Enrollment in the clinical program continues with the revised study protocols and enhanced safety monitoring in countries outside of the U.S. Sanofi was working in proximity with the independent data monitoring committee members and investigators worldwide to evaluate the safety and effectiveness.

This clinical trial study for the multiple sclerosis treatment was initiated in the year 2019 and has been enrolling almost 2000 patients on tolebrutinib therapy with treatmentduration for almost 3 years. Sanofi is still thoughtful about the positive outcomes for the future of tolebrutinib as a highly capable oral treatment therapy for people living experiencing multiple sclerosis.

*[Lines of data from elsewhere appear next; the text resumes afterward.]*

(* Let $p$ be a complex polynomial with at least two distinct roots and $h\in\mathbb{C}\setminus\{0\}$. If all the finite fixed points of $N_{h,p}$ are superattracting, then all the roots of $p$ have the same multiplicity. Moreover, if $m$ is this common multiplicity, i.e. $p=q^m$ where $q$ is a polynomial with only simple roots, then $N_{h,p}=N_q$, where $N_q(z)=z-\frac{q(z)}{q'(z)}$ is the classical Newton map of $q$.
   Context: The relaxed Newton map is $N_{h,p}(z)=z-h\,\frac{p(z)}{p'(z)}$; its finite fixed points are the roots of $p$. A fixed point is superattracting if its multiplier is $0$. *)

From HB Require Import structures.
From mathcomp Require Import all_boot all_order all_algebra.
From mathcomp Require Import fraction complex.
From mathcomp Require Import reals.
Set Implicit Arguments. Unset Strict Implicit. Unset Printing Implicit Defensive.
Import Order.TTheory GRing.Theory Num.Theory.
Local Open Scope ring_scope.

Section Newton.
Variable F : fieldType.

(* Relaxed Newton map N_{h,p}(z) = z - h p(z)/p'(z), written as the quotient
   (z p'(z) - h p(z)) / p'(z) of two polynomials. *)
Definition newton_num (h : F) (p : {poly F}) : {poly F} := 'X * p^`() - h *: p.
Definition newton_den (p : {poly F}) : {poly F} := p^`().

Definition newton_rnum h p := newton_num h p %/ gcdp (newton_num h p) (newton_den p).
Definition newton_rden h p := newton_den p %/ gcdp (newton_num h p) (newton_den p).

Definition newton_frac (h : F) (p : {poly F}) : {fraction {poly F}} :=
  let tf := @FracField.tofrac {poly F} in
  tf 'X - tf (h%:P * p) / tf (p^`()).

Definition multiplier (h : F) (p : {poly F}) (a : F) : F :=
  let n := newton_rnum h p in let d := newton_rden h p in
  ((n^`()).[a] * d.[a] - n.[a] * (d^`()).[a]) / (d.[a] ^+ 2).

Definition superattracting (h : F) (p : {poly F}) (a : F) : Prop :=
  multiplier h p a = 0.

(* The finite fixed points of N_{h,p} are the roots of p. *)
Definition all_finite_fixed_superattracting (h : F) (p : {poly F}) : Prop :=
  forall a, root p a -> superattracting h p a.

Definition simple_roots (q : {poly F}) : Prop :=
  forall a, root q a -> mup a q = 1%N.

End Newton.

(** At a root a of p of multiplicity k, write p = (X - a)^k u; the factor
   (X - a)^(k-1) cancels from the Newton quotient, and the derivative of the
   remaining quotient at a is 1 - h/k.  So superattraction at every root forces
   h = k for every root: all multiplicities equal h.  If moreover p = q^m with
   m = h, then h p / p' = m q^m / (m q^(m-1) q') = q / q'. *)

From HB Require Import structures.
From mathcomp Require Import all_boot all_order all_algebra.
From mathcomp Require Import fraction complex.
From mathcomp Require Import reals.
From mathcomp Require Import ring.
Import Order.TTheory GRing.Theory Num.Theory.
Local Open Scope ring_scope.

Local Notation "x %:F" := (@FracField.tofrac _ x).

Lemma mup0 (F : fieldType) (a : F) : mup a 0 = 0%N.
Proof.
by apply/eqP; rewrite -leqn0 -ltnS -(size_poly0 F); exact: ltn_ord.
Qed.

Section QuotientDerivative.
Variable F : fieldType.

Definition quot_deriv (n d : {poly F}) (a : F) : F :=
  ((n^`()).[a] * d.[a] - n.[a] * (d^`()).[a]) / (d.[a] ^+ 2).

Lemma quot_deriv_eq (n d m w : {poly F}) (a : F) :
  n * w = m * d -> d.[a] != 0 -> w.[a] != 0 ->
  quot_deriv n d a = quot_deriv m w a.
Proof.
move=> Enw da0 wa0.
have Ea : n.[a] = m.[a] * d.[a] / w.[a].
  by rewrite -hornerM -Enw hornerM mulfK.
have E'a : (n^`()).[a] =
    ((m^`()).[a] * d.[a] + m.[a] * (d^`()).[a] - n.[a] * (w^`()).[a]) / w.[a].
  have := congr1 (fun q => (q^`()).[a]) Enw; rewrite /= !derivM !hornerE => E.
  by apply: (canRL (mulfK wa0)); rewrite -E; ring.
rewrite /quot_deriv E'a Ea; field.
by rewrite da0 wa0.
Qed.

Lemma coprimep_hornerN0 (n d m w : {poly F}) (a : F) :
  n * w = m * d -> coprimep n d -> w.[a] != 0 -> d.[a] != 0.
Proof.
move=> Enw cop wa0; apply/negP => /eqP da0.
suff /(coprimep_root cop) : root n a by rewrite da0 eqxx.
have := congr1 (horner^~ a) Enw; rewrite /= !hornerM da0 mulr0.
by move/eqP; rewrite mulf_eq0 (negbTE wa0) orbF.
Qed.

Lemma multiplier_quot_deriv {h : F} {p M w : {poly F}} {a : F} :
  newton_num h p * w = M * newton_den p -> newton_den p != 0 -> w.[a] != 0 ->
  multiplier h p a = quot_deriv M w a.
Proof.
move=> Enw den0 wa0.
rewrite -[multiplier _ _ _]/(quot_deriv (newton_rnum h p) (newton_rden h p) a).
have g0 : gcdp (newton_num h p) (newton_den p) != 0.
  by rewrite gcdp_eq0 negb_and den0 orbT.
have Er : newton_rnum h p * w = M * newton_rden h p.
  apply: (mulIf g0); rewrite mulrAC divpK ?dvdp_gcdl // Enw.
  by rewrite -mulrA divpK ?dvdp_gcdr.
have cop : coprimep (newton_rnum h p) (newton_rden h p).
  by apply: coprimep_div_gcd; rewrite den0 orbT.
apply: quot_deriv_eq => //.
exact: coprimep_hornerN0 Er cop wa0.
Qed.

End QuotientDerivative.

Section NewtonAtRoot.
Variables (F : fieldType) (h a : F) (u : {poly F}) (k : nat).

Let Xa := 'X - a%:P.
(* After cancelling (X - a)^k, the relaxed Newton map is M / w. *)
Let w := u *+ k.+1 + Xa * u^`().
Let M := 'X * w - h *: (Xa * u).

Lemma newton_den_factor : newton_den (u * Xa ^+ k.+1) = Xa ^+ k * w.
Proof.
rewrite /newton_den derivM deriv_exp derivXsubC mul1r /w /=.
by rewrite mulrnAr mulrDr exprS; ring.
Qed.

Lemma newton_num_factor : newton_num h (u * Xa ^+ k.+1) = Xa ^+ k * M.
Proof.
rewrite /newton_num (newton_den_factor : _^`() = _) /M.
by rewrite exprS -!mul_polyC; ring.
Qed.

Lemma multiplier_factor :
  u.[a] != 0 -> k.+1%:R != 0 :> F ->
  multiplier h (u * Xa ^+ k.+1) a = 1 - h / k.+1%:R.
Proof.
move=> ua0 k0.
have wa : w.[a] = u.[a] *+ k.+1.
  by rewrite /w /Xa !hornerE subrr mul0r addr0 hornerMn.
have wa0 : w.[a] != 0 by rewrite wa -mulr_natr mulf_neq0.
have w0 : w != 0 by apply: contra_neq wa0 => ->; rewrite horner0.
have Enw : newton_num h (u * Xa ^+ k.+1) * w = M * newton_den (u * Xa ^+ k.+1).
  by rewrite newton_num_factor newton_den_factor; ring.
have den0 : newton_den (u * Xa ^+ k.+1) != 0.
  by rewrite newton_den_factor mulf_neq0 ?expf_neq0 ?polyXsubC_eq0.
rewrite (multiplier_quot_deriv _ Enw den0 wa0).
have Ma : M.[a] = a * w.[a].
  rewrite /M hornerD hornerN hornerZ !hornerM hornerX hornerXsubC subrr.
  by rewrite mul0r mulr0 subr0.
have M'a : (M^`()).[a] = w.[a] + a * (w^`()).[a] - h * u.[a].
  rewrite /M /Xa derivB derivM derivX derivZ derivM derivXsubC.
  by rewrite !hornerE subrr; ring.
rewrite /quot_deriv Ma M'a wa -mulr_natr; field.
by rewrite addrC natr1 k0 ua0.
Qed.

End NewtonAtRoot.

Lemma multiplier_root (F : fieldType) (h : F) (p : {poly F}) (a : F) :
  has_pchar0 F -> p != 0 -> root p a ->
  multiplier h p a = 1 - h / (mup a p)%:R.
Proof.
move=> F0 p0 pa.
have [k [u ua0 Ep]] := multiplicity_XsubC p a; rewrite p0 /= in ua0.
have Emup : mup a p = k by rewrite Ep mupMr // mup_XsubCX eqxx.
case: k Ep Emup => [|k] Ep ->.
  by move: pa; rewrite Ep expr0 mulr1 (negbTE ua0).
by rewrite Ep multiplier_factor // (pcharf0P _).1.
Qed.

Lemma superattracting_mup (F : fieldType) (h : F) (p : {poly F}) (a : F) :
  has_pchar0 F -> p != 0 -> root p a -> superattracting h p a ->
  h = (mup a p)%:R.
Proof.
move=> F0 p0 pa; rewrite /superattracting multiplier_root //.
by move/eqP; rewrite subr_eq0 eq_sym => /eqP/divr1_eq.
Qed.

Lemma tofrac_div_eq (R : idomainType) (x y x' y' : R) :
  x * y' = x' * y -> y != 0 -> y' != 0 -> x%:F / y%:F = x'%:F / y'%:F.
Proof.
move=> E y0 y'0; apply/eqP.
by rewrite eqr_div ?tofrac_eq0 // -!tofracM E.
Qed.

Lemma newton_frac_exp (F : fieldType) (q : {poly F}) (m : nat) :
  m%:R != 0 :> F -> newton_frac m%:R (q ^+ m) = newton_frac 1 q.
Proof.
case: m => [|m] m0; first by rewrite eqxx in m0.
rewrite /newton_frac /= deriv_exp polyC_natr polyC1 mul1r /=; congr (_ - _).
have [->|q'0] := eqVneq q^`() 0.
  by rewrite !(mul0r, mul0rn, tofrac0, invr0, mulr0).
have [->|q0] := eqVneq q 0; first by rewrite expr0n mulr0 !tofrac0 !mul0r.
apply: tofrac_div_eq => //; first by rewrite exprS mulr_natl; ring.
by rewrite -mulr_natr !mulf_neq0 ?expf_neq0 // -polyC_natr polyC_eq0.
Qed.

Theorem mainTheorem7 (R : realType) (p : {poly R[i]}) (h : R[i]) :
  (exists a b : R[i], [/\ a != b, root p a & root p b]) ->
  h != 0 ->
  all_finite_fixed_superattracting h p ->
  (forall a b : R[i], root p a -> root p b -> mup a p = mup b p) /\
  (forall (m : nat) (q : {poly R[i]}),
      (forall a : R[i], root p a -> mup a p = m) ->
      simple_roots q -> p = q ^+ m ->
      newton_frac h p = newton_frac 1 q).
Proof.
move=> [a0 [_ [_ pa0 _]]] _ sup.
have [-> | p0] := eqVneq p 0.
  split=> [a b _ _ | m q mup_m _]; first by rewrite !mup0.
  by rewrite -(mup_m a0 (root0 a0)) mup0 expr0 => /eqP; rewrite eq_sym oner_eq0.
have h_mup a : root p a -> h = (mup a p)%:R.
  by move=> pa; apply: superattracting_mup (pchar_num _) p0 pa (sup a pa).
split=> [a b pa pb | m q mup_m _ ->].
  by apply/eqP; rewrite -(eqr_nat R[i]) -(h_mup a pa) -(h_mup b pb).
rewrite (h_mup a0 pa0) mup_m // newton_frac_exp // pnatr_eq0 -lt0n.
by rewrite -(mup_m a0 pa0) -XsubC_dvd // dvdp_XsubCl.
Qed.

FDA Rejects Spero’s Tebipenem for Urinary Tract Infection

The US FDA gave a red flag to Spero Therapeutics application for complicated UTIs investigational treatment. Spero Therapeutics stated that it received a complete response letter from the drug regulatory indicating that the administration will not approve the oral administration of tebipenem pivoxil hydrobromide (tebipenem HBr) as the company’s Phase 3 study results evaluating the drug “was insufficient to support approval” for complicated urinary tract infections (cUTIs) and also suggested that additional clinical trail information will be required.

“We continue to believe that tebipenem HBr offers patients and their providers an important new treatment option, that if approved, has the potential to address the critical unmet need for a new oral antibiotic for patients with cUTI,” Ankit Mahadevia, MD, chief executive officer of Spero Therapeutics, said in the release. Mahadevia also said that Spero is “disappointed with the FDA’s decision” but will continue to move forward to address the FDA’s concerns and outline “a clear path forward for tebipenem HBr.” The release also states that Spero will “promptly request a Type A meeting with the FDA to gain further insights as to the pathway forward towards a potential regulatory approval for tebipenem HBr.”
Mahadevia also stated the company’s commitment in developing medications for unmet needs, such as cUTI and other diseases as well. He said tebipenem HBr remains an important part of Spero’s pipeline, along with SPR720 and SPR206, which are being developed for a rare, orphan pulmonary disease and multidrug-resistant Gram-negative infections in the hospital setting.